In August 1912, Alzheimer fell ill on the train on his way to the University of Breslau, where he had been appointed professor of psychiatry in July 1912. Most probably a streptococcal infection and subsequent rheumatic fever led to valvular heart disease, heart failure and kidney failure. He died of heart failure on 19 December 1915 at age 51, in Breslau, Silesia (present-day Wrocław, Poland). His body was buried four days later, next to Cecilie's at the Frankfurt Main Cemetery.

== Contemporaries ==
American Solomon Carter Fuller gave a report similar to that of Alzheimer at a lecture five months before Alzheimer. Oskar Fischer was a fellow German psychiatrist, twelve years Alzheimer's junior, who reported twelve cases of senile dementia in 1907 around the time that Alzheimer published his short paper summarizing his presentation.
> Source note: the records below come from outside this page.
Lemma kill_of_mulmx_B (w : 'rV_r) : w *m B = 0 -> forall A, w *m Phi A = 0.
Proof.
move=> wB; have wi i : w *m Phi (E i e0) *m (W *m P) = 0.
  rewrite Phi1_P_rank1 /coef.
  suff -> : (w *m Phi (E i e0) *m (W *m P)) 0 j0 = 0 by rewrite mul0r scale0r.
  move/rowP/(_ i): wB; rewrite [RHS]mxE => <-; rewrite -mulmxA !mxE /B.
  by apply: eq_bigr => l _; rewrite mxE.
apply: (@kill_power_all w 3) => A.
rewrite (Phi_sum_delta A) !mulmx_sumr big1 // => j _; rewrite mulmx_sumr big1 // => k _.
have e1 : W *m Phi (A j k *: E j k) = Phi (E j e0) *m Phi (A j k *: E e0 k).
  by rewrite [RHS]Phi_mulmx -scalemxAr mul_delta_mx.
have e2 : Phi (E j e0) *m (W *m P) = W *m (W *m Phi (E j e0)).
  by rewrite mulmxA -Phi1_comm -mulmxA Phi_delta_P.
rewrite !mulmx_exprSr mul1mx -!mulmxA e1 (mulmxA W (Phi (E j e0))) (mulmxA W (W *m _)) -e2.
by rewrite mulmxA mulmxA wi mul0mx.
Qed.

Lemma Phi_similar_block :
  (r = n \/ r = n.+1) /\ standard_form Phi.
Proof.
pose K := row_base (kermx B).
have KPhi A : K *m Phi A = 0.
  have KB : K *m B = 0 by apply/sub_kermxP; rewrite eq_row_base.
  by apply/row_matrixP => i; rewrite row_mul row0 kill_of_mulmx_B // -row_mul KB row0.
have UK_free : row_free (col_mx U K).
  apply/inj_row_free => v; rewrite -[v]hsubmxK mul_row_col => h.
  have v1 : lsubmx v = 0.
    apply: mulmxU_eq0 => l; have := congr1 (mulmx^~ (Phi (E l e0))) h.
    by rewrite mulmxDl mul0mx -(mulmxA (rsubmx v)) KPhi mulmx0 addr0.
  move: h; rewrite v1 mul0mx add0r -(mul0mx _ K) => /(row_free_inj (row_base_free _)) ->.
  by rewrite row_mx0.
have dimUK : (n + \rank (kermx B) <= r)%N by rewrite -(eqP UK_free) rank_leq_col.
have dimK : (r - n <= \rank (kermx B))%N by rewrite mxrank_ker leq_sub2l ?rank_leq_col.
split; first by move: r_le dimUK; clear; lia.
have rank_K : \rank (kermx B) = (r - n)%N by move: dimUK dimK; clear; lia.
have Hr : (n + \rank (kermx B))%N = r by move: dimUK dimK; clear; lia.
rewrite /standard_form; case: (r - n)%N / rank_K.
have [S S_unit HS] := block_similarity Hr UK_free.
exists Hr, alpha, S, tau; split => //; first exact: alpha_neq0.
by move=> A; apply: HS; [exact: U_Phi | exact: KPhi].
Qed.

End RankOne.

Lemma nonnilpotent_Phi_form :
  (r = n \/ r = n.+1) /\ standard_form Phi.
Proof.
have /matrix0Pn[i [j0 WP_ij0]] := Phi1X_P_neq0 1.
by rewrite expr1 in WP_ij0; apply: (@Phi_similar_block 'e_i j0); rewrite -rowE mxE.
Qed.

End NonNilpotent.
End ZeroProductPreserver.

Unset Implicit Arguments.

Theorem proposition3p11 (F : fieldType) (n r : nat) (Phi : 'M[F]_n -> 'M[F]_r)
  (hn : n <> 1%N) (hr : (r <= n.+1)%N)
  (hadd : additive_map Phi) (hzp : preserves_zero_products Phi) :
  (~ mx_nilpotent (Phi 1%:M) ->
     (r = n \/ r = n.+1) /\
     exists (Hr : (n + (r - n))%N = r) (alpha : F) (S : 'M[F]_r)
            (tau : {rmorphism F -> F}),
       [/\ alpha != 0, S \in unitmx &
           forall A : 'M[F]_n,
             Phi A = alpha *: (S *m castmx (Hr, Hr)
                        (block_mx (map_mx tau A) 0 0 (0 : 'M[F]_(r - n)))
                      *m invmx S)])
  /\
  (mx_nilpotent (Phi 1%:M) ->
     ((2%N \in [pchar F]) /\ ~ finite_field F -> F_linear_map Phi) ->
     forall A B : 'M[F]_n, Phi A *m Phi B = 0).
Proof.
case: n Phi hn hr hadd hzp => [|[//|n]] Phi _ hr hadd hzp.
  have Phi_eq0 (A : 'M[F]_0) : Phi A = 0 by rewrite flatmx0 Phi0.
  split=> [W_nonnil | _ _ A B]; last by rewrite Phi_eq0 mul0mx.
  by case: W_nonnil; exists 1%N; rewrite /= Phi_eq0 mul0mx.
split=> [W_nonnil | W_nil _]; first exact: nonnilpotent_Phi_form.
exact: nilpotent_Phi_mulmx_eq0.
Qed.
(* Let $E/\mathbb{Q}$ be the elliptic curve $y^2=x^3+a_4x+a_6$ with $a_4,a_6\in\mathbb{Z}$, let $(u,v)\in\mathbb{Z}^2$ be map-suitable for $E$, and suppose $-D_E(u,v)$ is a negative fundamental discriminant. Then: (1) For $P\in E(\mathbb{Q})\setminus\{\mathcal{O}\}$, the $\mathrm{SL}_2(\mathbb{Z})$-class in $\mathrm{CL}(-D_E(u,v))$ of the form $F_{P,\mu}$ depends only on $P$ and not on the choice of $\mu$; hence, setting $\Phi_{u,v}(\mathcal{O})$ to be the identity, this defines a map $\Phi_{u,v}:E(\mathbb{Q})\to\mathrm{CL}(-D_E(u,v))$. (2) If $P=(A/C^2,B/C^3)\neq\mathcal{O}$ and $\Phi_{u,v}(P)$ is the identity of $\mathrm{CL}(-D_E(u,v))$, then either $v\mid C$ or $\frac{va}{g^2}\ge d_E(u,v)$, where $a=Av+C^2u$ and $g=\gcd(C,v)$.
   Context: For integers $u,v$ put $d_E(u,v):=v(u^3+a_4uv^2-a_6v^3)$ and $D_E(u,v):=4d_E(u,v)$. A pair $(u,v)\in\mathbb{Z}^2$ is map-suitable for $E$ if $u$, $v$, $3u^2+a_4v^2$ and $D_E(u,v)$ are all positive. Each $P\in E(\mathbb{Q})\setminus\{\mathcal{O}\}$ is written $P=(A/C^2,B/C^3)$ with $A,B,C\in\mathbb{Z}$, $C>0$, $\gcd(A,C)=\gcd(B,C)=1$; put $a=Av+C^2u$, $g=\gcd(C,v)$, and for an integer $\mu$ with $\frac{C^3}{g^2}\mu\equiv1\pmod{\frac{va}{g^2}}$ let $$F_{P,\mu}(x,y)=\frac{va}{g^2}x^2+2\mu\frac{Bv^2}{g^2}xy+\frac{\mu^2\frac{B^2v^4}{g^4}+d_E(u,v)}{\frac{va}{g^2}}y^2,$$ a positive definite integral form of discriminant $-D_E(u,v)$. $\mathrm{CL}(-D)$ is identified with the group of $\mathrm{SL}_2(\mathbb{Z})$-classes of primitive positive definite forms of discriminant $-D$. *)

From Stdlib Require Import ZArith.
Open Scope Z_scope.

Definition dE (a4 a6 u v : Z) : Z := v * (u^3 + a4*u*v^2 - a6*v^3).
Definition DE (a4 a6 u v : Z) : Z := 4 * dE a4 a6 u v.

Definition nonsingular (a4 a6 : Z) : Prop := 4*a4^3 + 27*a6^2 <> 0.

Definition map_suitable (a4 a6 u v : Z) : Prop :=
  0 < u /\ 0 < v /\ 0 < 3*u^2 + a4*v^2 /\ 0 < DE a4 a6 u v.

Definition squarefree (n : Z) : Prop :=
  forall k : Z, (k * k | n) -> k = 1 \/ k = -1.

(* fundamental discriminant (Z.modulo is floor-mod, so nonnegative mod 4) *)
Definition fundamental_discriminant (D : Z) : Prop :=
  D <> 1 /\
  ((D mod 4 = 1 /\ squarefree D) \/
   (exists m, D = 4 * m /\ (m mod 4 = 2 \/ m mod 4 = 3) /\ squarefree m)).

(* P = (A/C^2, B/C^3) in E(Q) \ {O}, written in lowest terms *)
Definition affine_point (a4 a6 A B C : Z) : Prop :=
  0 < C /\ Z.gcd A C = 1 /\ Z.gcd B C = 1 /\
  B^2 = A^3 + a4*A*C^4 + a6*C^6.

Definition qform := (Z * Z * Z)%type.

Definition qeval (F : qform) (x y : Z) : Z :=
  let '(a, b, c) := F in a*x^2 + b*x*y + c*y^2.

Definition qdisc (F : qform) : Z := let '(a, b, c) := F in b^2 - 4*a*c.

Definition primitive_pd (F : qform) : Prop :=
  let '(a, b, c) := F in 0 < a /\ Z.gcd (Z.gcd a b) c = 1.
Alzheimer and Fischer had different interpretations of the disease, but owing to Alzheimer's short life, they never had the opportunity to meet and discuss their ideas.

==Critics and rediscovery==
In the early 1990s, critics began to question Alzheimer's findings and form their own hypotheses based on Alzheimer's notes and papers. Amaducci and colleagues hypothesized that Auguste Deter had metachromatic leukodystrophy, a rare condition in which accumulations of fats affect the cells that produce myelin. Claire O'Brien, meanwhile, hypothesized that Auguste Deter actually had a vascular dementing disease.